In time, you will decide what is right for you and you will do that. This does not last forever, it feels like it but it doesn't.

Take care of you.


----------



## IfIwasYourVampire (Jan 5, 2012)

All i can say is that i feel your pain, the sadness, anger, frustration, loneliness, emptiness, a part of you has died and you need to treat it as such, give yourself time to mourn the death of your marriage, cry let yourself be consumed by all that pain, embrace it, welcome it, once you do it, once you hit the darkest bottom you will realize that the only place to go now is up towards the light, i'm still in the bottom stuck in mud, but today i have decided that enough is enough, if i dont try to pull myself up nobody else is gonna do it, yes i can have help from the outside but only if i reach out looking for those helping hands, hang in there and keep posting, i have been doing it and its helping me a lot.
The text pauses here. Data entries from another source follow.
(* A hypergraph $H$ is quasi-eulerian if and only if it admits a decomposition into cycles, i.e., a family of cycles of $H$ such that every edge of $H$ is traversed by exactly one cycle of the family.
   Context: A hypergraph $H=(V,E)$ consists of a finite nonempty vertex set $V$, a finite edge set $E$ disjoint from $V$, and an incidence function assigning to each edge $e\in E$ a subset of $V$ (also denoted $e$); distinct edges may have the same vertex set. Hypergraphs are assumed to have no empty edges. A walk is a sequence $W=v_0e_1v_1e_2\cdots e_kv_k$ with $v_i\in V$, $e_i\in E$, such that for each $i$, $v_{i-1}\ne v_i$ and $v_{i-1},v_i\in e_i$; the $v_i$ are its anchors. $W$ is closed if $k\ge 2$ and $v_0=v_k$; it is a strict trail if $e_1,\dots,e_k$ are pairwise distinct. A cycle is a closed walk $v_0e_1v_1\cdots e_kv_0$ in which $v_0,\dots,v_{k-1}$ are pairwise distinct and $e_1,\dots,e_k$ are pairwise distinct. An Euler family of $H$ is a family of closed strict trails such that every edge of $H$ lies in exactly one trail and no two trails have a common anchor; $H$ is quasi-eulerian if it has one. *)

From mathcomp Require Import all_boot.
Set Implicit Arguments. Unset Strict Implicit. Unset Printing Implicit Defensive.

(* A hypergraph is given by finite types V (vertices) and E (edges) together
   with an incidence function inc : E -> {set V}.  Distinct edges may have
   the same vertex set. *)

Section Hyper.
Variables (V E : finType) (inc : E -> {set V}).

(* A walk v0 e1 v1 ... ek vk is represented as (v0, [:: (e1,v1); ...; (ek,vk)]). *)
Definition walk := (V * seq (E * V))%type.

Fixpoint is_walk_from (v : V) (s : seq (E * V)) : bool :=
  match s with
  | [::] => true
  | (e, w) :: s' => [&& v != w, v \in inc e, w \in inc e & is_walk_from w s']
  end.

Definition is_walk (W : walk) : bool := is_walk_from W.1 W.2.

Definition wedges (W : walk) : seq E := map fst W.2.
Definition anchors (W : walk) : seq V := W.1 :: map snd W.2.

Definition is_closed (W : walk) : bool :=
  [&& is_walk W, 2 <= size W.2 & last W.1 (map snd W.2) == W.1].

Definition is_strict_trail (W : walk) : bool := is_walk W && uniq (wedges W).

Definition is_closed_strict_trail (W : walk) : bool :=
  is_closed W && uniq (wedges W).

Definition is_cycle (W : walk) : bool :=
  [&& is_closed W, uniq (belast W.1 (map snd W.2)) & uniq (wedges W)].

Definition covers_exactly_once (F : seq walk) : Prop :=
  forall e : E, count (fun W => e \in wedges W) F = 1.

Definition euler_family (F : seq walk) : Prop :=
  [/\ all is_closed_strict_trail F,
      covers_exactly_once F &
      pairwise (fun W1 W2 => ~~ has (fun v => v \in anchors W2) (anchors W1)) F].

Definition quasi_eulerian : Prop := exists F : seq walk, euler_family F.

Definition cycle_decomposition (F : seq walk) : Prop :=
  all is_cycle F /\ covers_exactly_once F.

End Hyper.

From mathcomp Require Import all_boot zify.
Set Implicit Arguments. Unset Strict Implicit. Unset Printing Implicit Defensive.

(* A closed walk is a cyclic sequence of steps (e_i, v_i), each step
   leaving the anchor of the previous one.  If a closed strict trail repeats
   an anchor, cutting the step sequence at the two occurrences and rotating
   yields two shorter closed strict trails sharing the edges of the original
   one; by induction every closed strict trail is an edge-disjoint union of
   cycles.  Conversely, two closed strict trails with a common anchor can be
   rotated to end at that anchor and concatenated into one closed strict
   trail; merging the cycles of a decomposition in this way until no two
   trails share an anchor gives an Euler family.  Both operations only permute
   the multiset of steps, so the edge covering is preserved. *)

Lemma not_uniq_map_split (S T : eqType) (f : S -> T) (s : seq S) :
  ~~ uniq (map f s) -> exists a p b q c, s = a ++ p :: b ++ q :: c /\ f p = f q.
Proof.
elim: s => [//|p s IHs] /=; rewrite negb_and negbK => /orP[/mapP[q] | /IHs].
  by case/splitPr=> b c pq; exists [::], p, b, q, c.
by case=> a [p' [b [q [c [-> pq]]]]]; exists (p :: a), p', b, q, c.
Qed.

Section StepSequences.
Variables (V E : finType) (inc : E -> {set V}).

Definition step_rel (a b : E * V) : bool :=
  [&& a.2 != b.2, a.2 \in inc b.1 & b.2 \in inc b.1].

Definition closed_steps (s : seq (E * V)) : bool := cycle step_rel s && (s != [::]).

(* A closed walk starts at its last anchor; [v0] only matters for [s = [::]]. *)
Definition walk_of_steps (v0 : V) (s : seq (E * V)) : walk V E :=
  (last v0 (map snd s), s).

Lemma is_walk_fromE a s : is_walk_from inc a.2 s = path step_rel a s.
Proof. by elim: s a => [//|[e w] s IHs] a /=; rewrite -IHs /step_rel /= !andbA. Qed.

Lemma path_step_rel_head a b s : a.2 = b.2 -> path step_rel a s = path step_rel b s.
Proof. by case: s => [//|c s] /= ab; rewrite /step_rel ab. Qed.

Lemma is_closed_walk_of_steps v0 s : is_closed inc (walk_of_steps v0 s) = closed_steps s.
Proof.
case: s => [|p s]; first by rewrite /is_closed /closed_steps.
rewrite /is_closed /closed_steps /walk_of_steps /is_walk /= eqxx andbT.
rewrite (last_map snd) -/(is_walk_from inc (last p s).2 (p :: s)) is_walk_fromE.
rewrite -[path step_rel p (rcons s p)]/(cycle step_rel (p :: s)) (cycle_path p) /=.
by case: s => [|q s] /=; rewrite ?andbT // /step_rel eqxx.
Qed.

Lemma closed_walkE v0 W : is_closed inc W -> W = walk_of_steps v0 W.2.
Proof.
case: W => v [|p s]; first by rewrite /is_closed.
by case/and3P=> _ _ /eqP /= lastE; rewrite /walk_of_steps /= lastE.
Qed.

Lemma closed_walksE v0 F : all (is_closed inc) F ->
  F = map (walk_of_steps v0) (map snd F) /\ all closed_steps (map snd F).
Proof.
elim: F => [//|W F IHF] /= /andP[closedW /IHF[defF closedF]].
have stepsW : closed_steps W.2 by rewrite -(is_closed_walk_of_steps v0) -closed_walkE.
by rewrite -(closed_walkE v0 closedW) -defF closedF stepsW.
Qed.

Lemma mem_anchors_walk_of_steps v0 s x : s != [::] ->
  (x \in anchors (walk_of_steps v0 s)) = (x \in map snd s).
Proof.
case: s => [//|p s] _; rewrite /anchors /walk_of_steps /= in_cons.
by case: eqP => // ->; rewrite mem_last.
Qed.

Lemma is_cycle_walk_of_steps v0 s : is_cycle inc (walk_of_steps v0 s) =
  [&& closed_steps s, uniq (map snd s) & uniq (map fst s)].
Proof.
rewrite /is_cycle is_closed_walk_of_steps; case: s => [//|p s] /=.
by rewrite -rcons_uniq -lastI.
Qed.

Lemma is_closed_strict_trail_walk_of_steps v0 s :
  is_closed_strict_trail inc (walk_of_steps v0 s) = closed_steps s && uniq (map fst s).
Proof. by rewrite /is_closed_strict_trail is_closed_walk_of_steps. Qed.

Lemma closed_steps_rcons u p : closed_steps (rcons u p) = cycle step_rel (rcons u p).
Proof. by rewrite /closed_steps andbC; case: u. Qed.

Lemma cycle_rcons_cat u1 p u2 q : p.2 = q.2 ->
  cycle step_rel (rcons u1 p ++ rcons u2 q) =
  cycle step_rel (rcons u1 p) && cycle step_rel (rcons u2 q).
Proof.
move=> pq; rewrite !(cycle_path p) last_cat !last_rcons cat_path last_rcons.
by rewrite (path_step_rel_head (rcons u1 p) pq) (path_step_rel_head (rcons u2 q) pq).
Qed.

Lemma cycle_rot_to_last s p : cycle step_rel s -> p \in s ->
  exists u, perm_eq s (rcons u p) /\ cycle step_rel (rcons u p).
Proof.
move=> + s_p; case/splitPr: s_p => a b; rewrite -cat_rcons => cyc_s.
exists (b ++ a).
by rewrite rcons_cat -(rot_size_cat (rcons a p)) perm_sym perm_rot rot_cycle.
Qed.

(* Closing up the two arcs of a cycle cut at two steps with the same anchor. *)
Lemma closed_steps_split a p b q c : p.2 = q.2 ->
  closed_steps (a ++ p :: b ++ q :: c) ->
  [/\ perm_eq (a ++ p :: b ++ q :: c) (rcons b q ++ rcons (c ++ a) p),
      closed_steps (rcons b q) & closed_steps (rcons (c ++ a) p)].
Proof.
move=> pq /andP[cyc_s _].
have rotE : rcons b q ++ rcons (c ++ a) p = rot (size (rcons a p)) (a ++ p :: b ++ q :: c).
  by rewrite -cat_rcons rot_size_cat -!cats1 -!catA.
move: cyc_s; rewrite -(rot_cycle (size (rcons a p))) -rotE cycle_rcons_cat ?pq //.
rewrite !closed_steps_rcons => /andP[-> ->].
by rewrite rotE perm_sym perm_rot.
Qed.

Lemma closed_steps_cycles s : closed_steps s ->
  exists C, [/\ all closed_steps C, all (fun t => uniq (map snd t)) C & perm_eq s (flatten C)].
Proof.
have [n] := ubnP (size s); elim: n s => // n IHn s /ltnSE size_s closed_s.
have [uniq_s | /not_uniq_map_split[a [p [b [q [c [defs pq]]]]]]] := boolP (uniq (map snd s)).
  by exists [:: s]; rewrite /= closed_s uniq_s cats0.
rewrite {}defs in size_s closed_s *.
have [perm_s closed1 closed2] := closed_steps_split pq closed_s.
have [size1 size2] : size (rcons b q) < n /\ size (rcons (c ++ a) p) < n.
  by move: size_s; rewrite !size_rcons !size_cat /= size_cat /=; lia.
have [C1 [closedC1 uniqC1 permC1]] := IHn _ size1 closed1.
have [C2 [closedC2 uniqC2 permC2]] := IHn _ size2 closed2.
exists (C1 ++ C2); rewrite !all_cat closedC1 closedC2 uniqC1 uniqC2 flatten_cat.
by split=> //; rewrite (perm_trans perm_s) // perm_cat.
Qed.

Lemma closed_steps_all_cycles L : all closed_steps L ->
  exists C, [/\ all closed_steps C, all (fun t => uniq (map snd t)) C &
                perm_eq (flatten L) (flatten C)].
Proof.
elim: L => [|s L IHL] /=; first by exists [::].
case/andP=> /closed_steps_cycles[C1 [closedC1 uniqC1 permC1]].
move=> /IHL[C2 [closedC2 uniqC2 permC2]].
exists (C1 ++ C2); rewrite !all_cat closedC1 closedC2 uniqC1 uniqC2 flatten_cat.
by split=> //; apply: perm_cat.
Qed.

Definition anchors_disjoint (s t : seq (E * V)) : bool :=
  all (fun v => v \notin map snd t) (map snd s).

Lemma anchors_disjoint_cat s t1 t2 :
  anchors_disjoint s (t1 ++ t2) = anchors_disjoint s t1 && anchors_disjoint s t2.
Proof.
rewrite /anchors_disjoint -all_predI; apply: eq_all => v.
by rewrite /= map_cat mem_cat negb_or.
Qed.

Lemma anchors_disjoint_flatten s L :
  anchors_disjoint s (flatten L) = all (anchors_disjoint s) L.
Proof.
elim: L => [|t L IHL] /=; last by rewrite anchors_disjoint_cat IHL.
by apply/allP.
Qed.

Lemma anchors_disjoint_perm s t1 t2 :
  perm_eq t1 t2 -> anchors_disjoint s t1 = anchors_disjoint s t2.
Proof. by move=> perm_t; apply: eq_all => v; rewrite /= (perm_mem (perm_map snd perm_t)). Qed.

Lemma merge_closed_steps s t : closed_steps s -> closed_steps t ->
  ~~ anchors_disjoint t s -> exists m, closed_steps m /\ perm_eq (s ++ t) m.
Proof.
move=> /andP[cyc_s _] /andP[cyc_t _] /allPn[v /mapP[p t_p ->]].
rewrite negbK => /mapP[q s_q pq].
have [u1 [perm_s cyc_u1]] := cycle_rot_to_last cyc_s s_q.
have [u2 [perm_t cyc_u2]] := cycle_rot_to_last cyc_t t_p.
exists (rcons u1 q ++ rcons u2 p); split; last exact: perm_cat.
by rewrite -rcons_cat closed_steps_rcons rcons_cat cycle_rcons_cat ?cyc_u1 ?cyc_u2.
Qed.

Lemma insert_closed_steps D s : closed_steps s -> all closed_steps D ->
  pairwise anchors_disjoint D ->
  exists D', [/\ all closed_steps D', pairwise anchors_disjoint D' &
                 perm_eq (s ++ flatten D) (flatten D')].
Proof.
elim: D s => [|d D IHD] s closed_s; first by exists [:: s]; rewrite /= closed_s cats0.
case/andP=> closed_d closedD /andP[disj_d disjD].
have [ds | not_ds] := boolP (anchors_disjoint d s).
  have [D' [closedD' disjD' permD']] := IHD s closed_s closedD disjD.
  exists (d :: D'); split=> /=; first by rewrite closed_d.
    rewrite disjD' andbT -anchors_disjoint_flatten -(anchors_disjoint_perm d permD').
    by rewrite anchors_disjoint_cat ds anchors_disjoint_flatten.
  by rewrite perm_catCA perm_cat2l.
have [m [closed_m perm_m]] := merge_closed_steps closed_s closed_d not_ds.
have [D' [closedD' disjD' permD']] := IHD m closed_m closedD disjD.
by exists D'; split; rewrite // catA (perm_trans _ permD') // perm_cat2r.
Qed.

Lemma closed_steps_merge_disjoint L : all closed_steps L ->
  exists D, [/\ all closed_steps D, pairwise anchors_disjoint D &
                perm_eq (flatten L) (flatten D)].
Proof.
elim: L => [|s L IHL] /=; first by exists [::].
case/andP=> closed_s /IHL[D0 [closedD0 disjD0 permD0]].
have [D [closedD disjD permD]] := insert_closed_steps closed_s closedD0 disjD0.
by exists D; split; rewrite // (perm_trans _ permD) // perm_cat2l.
Qed.

Lemma anchors_walk_of_steps_disjoint v0 s t : s != [::] -> t != [::] ->
  ~~ has (fun v => v \in anchors (walk_of_steps v0 t)) (anchors (walk_of_steps v0 s)) =
  anchors_disjoint s t.
Proof.
move=> s_nil t_nil; rewrite -all_predC.
rewrite (eq_all_r (fun x => mem_anchors_walk_of_steps v0 x s_nil)).
by apply: eq_all => v; rewrite /= mem_anchors_walk_of_steps.
Qed.

Lemma pairwise_disjoint_walks_of_steps v0 D : all closed_steps D ->
  pairwise anchors_disjoint D ->
  pairwise (fun W1 W2 => ~~ has (fun v => v \in anchors W2) (anchors W1))
    (map (walk_of_steps v0) D).
Proof.
elim: D => [//|s D IHD] /= /andP[closed_s closedD] /andP[disj_s disjD].
rewrite IHD // andbT all_map; apply/allP => t tD /=.
have /andP[_ s_nil] := closed_s; have /andP[_ t_nil] := allP closedD t tD.
by rewrite anchors_walk_of_steps_disjoint // (allP disj_s).
Qed.

Lemma count_walks_of_steps v0 L e : all (fun t => uniq (map fst t)) L ->
  count (fun W => e \in wedges W) (map (walk_of_steps v0) L) =
  count_mem e (map fst (flatten L)).
Proof.
elim: L => [//|t L IHL] /= /andP[uniq_t uniqL].
by rewrite map_cat count_cat -IHL // count_uniq_mem.
Qed.

(* Each edge of a covering family occurs exactly once among all steps, so any
   regrouping of the steps is again a covering family of strict trails. *)
Lemma covers_exactly_once_regroup v0 F C : all (is_closed inc) F ->
  all (fun W => uniq (wedges W)) F -> covers_exactly_once F ->
  perm_eq (flatten (map snd F)) (flatten C) ->
  covers_exactly_once (map (walk_of_steps v0) C) /\ all (fun t => uniq (map fst t)) C.
Proof.
move=> closedF uniqF coverF permFC.
have uniqL : all (fun t => uniq (map fst t)) (map snd F) by rewrite all_map.
have [defF _] := closed_walksE v0 closedF; rewrite defF in coverF.
have countC e : count_mem e (map fst (flatten C)) = 1.
  by rewrite -(permP (perm_map fst permFC)) -(count_walks_of_steps v0) ?coverF.
have uniqC : all (fun t => uniq (map fst t)) C.
  have : uniq (map fst (flatten C)).
    apply: count_mem_uniq => e; rewrite countC.
    by case: (boolP (e \in _)) => // /count_memPn; rewrite countC.
  rewrite map_flatten; elim: C {permFC countC} => [//|t C IHC] /=.
  by rewrite cat_uniq => /and3P[-> _ /IHC].
by split=> // e; rewrite count_walks_of_steps.
Qed.

End StepSequences.

Theorem theorem2p41 (V E : finType) (inc : E -> {set V})
  (HV : 0 < #|V|) (HE : forall e : E, inc e != set0) :
  quasi_eulerian inc <-> exists F : seq (walk V E), cycle_decomposition inc F.
Proof.
(* [HV] only provides the junk start vertex of [walk_of_steps]. *)
case/card_gt0P: HV => v0 _.
split=> [[F [trailsF coverF _]] | [F [cyclesF coverF]]].
- have closedF : all (is_closed inc) F by apply: sub_all trailsF => W /andP[].
  have uniqF : all (fun W => uniq (wedges W)) F by apply: sub_all trailsF => W /andP[].
  have [C [closedC uniqC permC]] := closed_steps_all_cycles (closed_walksE v0 closedF).2.
  have [coverC uniqEC] := covers_exactly_once_regroup v0 closedF uniqF coverF permC.
  exists (map (walk_of_steps v0) C); split=> //; rewrite all_map.
  apply/allP => t tC; rewrite /= is_cycle_walk_of_steps.
  by rewrite (allP closedC) ?(allP uniqC) ?(allP uniqEC).
- have closedF : all (is_closed inc) F by apply: sub_all cyclesF => W /and3P[].
  have uniqF : all (fun W => uniq (wedges W)) F by apply: sub_all cyclesF => W /and3P[].
  have [D [closedD disjD permD]] := closed_steps_merge_disjoint (closed_walksE v0 closedF).2.
  have [coverD uniqED] := covers_exactly_once_regroup v0 closedF uniqF coverF permD.
  exists (map (walk_of_steps v0) D); split=> //.
    rewrite all_map; apply/allP => t tD; rewrite /= is_closed_strict_trail_walk_of_steps.
    by rewrite (allP closedD) ?(allP uniqED).
  exact: pairwise_disjoint_walks_of_steps closedD disjD.
Qed.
BE STRONG! 
_Posted via Mobile Device_


----------



## nick15 (Jan 17, 2012)

I appreciate everyones responses. It does really help. The seperation from my wife was a long time in the make and I know that eventually I will make peace with it. I fear what both our futures may hold, but know that I will not be at the mercy to her kids is major relief. I just hate that this is my second failed marriage. I didn't want the stigma of divorce on my shoulders, but I can't let that stop me from going forward.


----------



## This is me (May 4, 2011)

Sparkles422 said:


> nick15:
> I am living alone for the first time in my life, for 7 months now. Please don't rush the healing process. Don't re-bound. Surround yourself with soft comforting things, blankets that make you feel good, meals that warm your soul, movies that give you joy, books you can immerse yourself in.
> 
> Join a gym or outdoor group for relaxation and to combat the loneliness. In time, you may be able to call the step children to bring their kids over.
> ...


Thank you Sparkles. I too am suffering today and it helps to keep hearing positive forward thinking comments. This too shall pass.


----------



## This is me (May 4, 2011)

Coping with separation and divorce
Recognize that it’s OK to have different feelings. It’s normal to feel sad, angry, exhausted, frustrated, and confused—and these feelings can be intense. You also may feel anxious about the future. Accept that reactions like these will lessen over time. Even if the marriage was unhealthy, venturing into the unknown is frightening. 
Give yourself a break. Give yourself permission to feel and to function at a less than optimal level for a period of time. You may not be able to be quite as productive on the job or care for others in exactly the way you’re accustomed to for a little while. No one is superman or superwoman; take time to heal, regroup, and re-energize. 
Don’t go through this alone. Sharing your feelings with friends and family can help you get through this period. Consider joining a support group where you can talk to others in similar situations. Isolating yourself can raise your stress levels, reduce your concentration, and get in the way of your work, relationships, and overall health. Don’t be afraid to get outside help if you need it.


----------